▸ GOAL OF THE EXERCISE
Exact reproduction required: the lines below from the line with "Set Implicit Arguments." to the line with "0 \/ B (kmul A b b').", both ends included, and no others.

▸ RECORD EXCERPTS
(* Let $K$ be a field, $0<n<\omega$, and $(R_i\mid i<n)$ a sequence of $K$-algebras such that $R_0$ possesses a strong multiplicative basis $B_0$ containing a non-zero idempotent $e$, and each $R_i$ ($0<i<n$) has a multiplicative basis. Then the $K$-algebra $R=\prod_{i<n}R_i$ has a strong multiplicative basis.
   Context: A $K$-linear basis $B$ of a $K$-algebra is multiplicative if for all $b,b'\in B$ either $bb'=0$ or $bb'\in B$, and strong multiplicative if $bb'\in B$ for all $b,b'\in B$. *)

From HB Require Import structures.
From mathcomp Require Import all_boot all_order all_algebra.
Set Implicit Arguments. Unset Strict Implicit. Unset Printing Implicit Defensive.
Import Order.TTheory GRing.Theory Num.Theory.
Local Open Scope ring_scope.

Record kalg (K : fieldType) := KAlg {
  kcar :> lmodType K;
  kmul : kcar -> kcar -> kcar;
  kmulA : forall x y z, kmul x (kmul y z) = kmul (kmul x y) z;
  kmulDl : forall x y z, kmul (x + y) z = kmul x z + kmul y z;
  kmulDr : forall x y z, kmul x (y + z) = kmul x y + kmul x z;
  kmulZl : forall (a : K) x y, kmul (a *: x) y = a *: kmul x y;
  kmulZr : forall (a : K) x y, kmul x (a *: y) = a *: kmul x y
}.
Arguments kmul {K} _ _ _.

Definition lin_indep (K : fieldType) (V : lmodType K) (B : V -> Prop) :=
  forall (s : seq V) (c : V -> K), uniq s -> (forall v, v \in s -> B v) ->
    \sum_(v <- s) c v *: v = 0 -> forall v, v \in s -> c v = 0.

Definition spanning (K : fieldType) (V : lmodType K) (B : V -> Prop) :=
  forall x : V, exists (s : seq V) (c : V -> K),
    (forall v, v \in s -> B v) /\ x = \sum_(v <- s) c v *: v.

Definition is_basis (K : fieldType) (V : lmodType K) (B : V -> Prop) :=
  lin_indep B /\ spanning B.

Definition mult_basis (K : fieldType) (A : kalg K) (B : A -> Prop) :=
  is_basis B /\ forall b b', B b -> B b' -> kmul A b b' = 0 \/ B (kmul A b b').

Definition strong_mult_basis (K : fieldType) (A : kalg K) (B : A -> Prop) :=
  is_basis B /\ forall b b', B b -> B b' -> B (kmul A b b').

▸ SOLUTION TO THE EXERCISE
Set Implicit Arguments. Unset Strict Implicit. Unset Printing Implicit Defensive.
Import Order.TTheory GRing.Theory Num.Theory.
Local Open Scope ring_scope.

Record kalg (K : fieldType) := KAlg {
  kcar :> lmodType K;
  kmul : kcar -> kcar -> kcar;
  kmulA : forall x y z, kmul x (kmul y z) = kmul (kmul x y) z;
  kmulDl : forall x y z, kmul (x + y) z = kmul x z + kmul y z;
  kmulDr : forall x y z, kmul x (y + z) = kmul x y + kmul x z;
  kmulZl : forall (a : K) x y, kmul (a *: x) y = a *: kmul x y;
  kmulZr : forall (a : K) x y, kmul x (a *: y) = a *: kmul x y
}.
Arguments kmul {K} _ _ _.

Definition lin_indep (K : fieldType) (V : lmodType K) (B : V -> Prop) :=
  forall (s : seq V) (c : V -> K), uniq s -> (forall v, v \in s -> B v) ->
    \sum_(v <- s) c v *: v = 0 -> forall v, v \in s -> c v = 0.

Definition spanning (K : fieldType) (V : lmodType K) (B : V -> Prop) :=
  forall x : V, exists (s : seq V) (c : V -> K),
    (forall v, v \in s -> B v) /\ x = \sum_(v <- s) c v *: v.

Definition is_basis (K : fieldType) (V : lmodType K) (B : V -> Prop) :=
  lin_indep B /\ spanning B.

Definition mult_basis (K : fieldType) (A : kalg K) (B : A -> Prop) :=
  is_basis B /\ forall b b', B b -> B b' -> kmul A b b' = 0 \/ B (kmul A b b').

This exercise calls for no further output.